What the exercise asks: Go through the data below. List every line that holds the word "orth".

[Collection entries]
--- START ---
Lemma connected_component_map (T U : topologicalType) (A : set T) (B : set U) (f : T -> U) :
  continuous f -> (forall x, A x -> B (f x)) ->
  forall x y, connected_component A x y -> connected_component B (f x) (f y).
Proof.
move=> fc fAB x y [C [Cx CA Cconn] Cy]; exists (f @` C); last by exists y.
split; first by exists x.
  by move=> _ [w Cw <-]; exact/fAB/CA.
by apply: connected_continuous_connected Cconn _; exact: continuous_subspaceT.
Qed.

Section MatrixContinuity.
Variable R : realType.

Lemma mulmx_continuous m n (N : 'M[R]_(m, n)) : continuous (fun c : 'rV[R]_m => c *m N).
Proof.
rewrite (_ : (fun c => c *m N) = (fun c => \sum_(i < m) c 0 i *: row i N)).
  apply: (@continuous_big _ _ +%R 0 xpredT add_continuous) => i _ c.
  by apply: continuousZr_tmp; exact: coord_continuous.
by apply/funext => c; rewrite mulmx_sum_row.
Qed.

Lemma pair_mulmx_continuous m n (N : 'M[R]_(m, n)) :
  continuous (fun p : 'rV[R]_m * 'rV[R]_m => (p.1 *m N, p.2 *m N)).
Proof.
move=> p; have fst_cont : {for p, continuous fst} by apply: cvg_fst.
have snd_cont : {for p, continuous snd} by apply: cvg_snd.
have h1 := continuous_comp fst_cont (@mulmx_continuous _ _ N p.1).
have h2 := continuous_comp snd_cont (@mulmx_continuous _ _ N p.2).
exact: (cvg_pair h1 h2).
Qed.

End MatrixContinuity.

(* [period_cone Q] is [period_coneR (map_mx intr Q)] up to conversion. *)
Definition period_coneR (R : realType) n (M : 'M[R]_n) : set ('rV[R]_n * 'rV[R]_n) :=
  [set p | bform M p.1 p.1 = bform M p.2 p.2 /\ bform M p.1 p.2 = 0 /\
           0 < bform M p.1 p.1 + bform M p.2 p.2].

Lemma period_coneR_mulmx (R : realType) n m (M : 'M[R]_n) (N : 'M[R]_(m, n)) p :
  period_coneR M (p.1 *m N, p.2 *m N) = period_coneR (N *m M *m N^T) p.
Proof. by rewrite /period_coneR /= !bform_mulmx. Qed.

Lemma period_coneR_gram_schmidt (R : realType) n (M : 'M[R]_n) (X Y : 'rV[R]_n) (A B C : R) :
  M^T = M -> bform M X X = A -> bform M X Y = B -> bform M Y Y = C ->
  0 < A -> 0 < A * C - B ^+ 2 ->
  let s := Num.sqrt (A * C - B ^+ 2) in period_coneR M (X, (A / s) *: Y - (B / s) *: X).
Proof.
move=> M_sym XX XY YY A_gt0 disc_gt0 s.
have s_gt0 : 0 < s by rewrite sqrtr_gt0.
have s2 : s ^+ 2 = A * C - B ^+ 2 by rewrite sqr_sqrtr // ltW.
have YX : bform M Y X = B by rewrite (bform_sym _ _ M_sym).
have orth : bform M X ((A / s) *: Y - (B / s) *: X) = 0.
  by rewrite bformBr !bformZr XY XX; field; rewrite gt_eqF.
have norm : bform M ((A / s) *: Y - (B / s) *: X) ((A / s) *: Y - (B / s) *: X) = A.
  rewrite !(bformBl, bformBr, bformZl, bformZr) XX XY YX YY.
  rewrite [LHS](_ : _ = A * (A * C - B ^+ 2) / s ^+ 2); last by field; rewrite gt_eqF.
  by rewrite -s2 mulfK // expf_neq0 // gt_eqF.
by rewrite /period_coneR /= orth norm; split; [|split; [|lra]].
Qed.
--- END ---
Solution for this exercise:
have orth : bform M X ((A / s) *: Y - (B / s) *: X) = 0.
by rewrite /period_coneR /= orth norm; split; [|split; [|lra]].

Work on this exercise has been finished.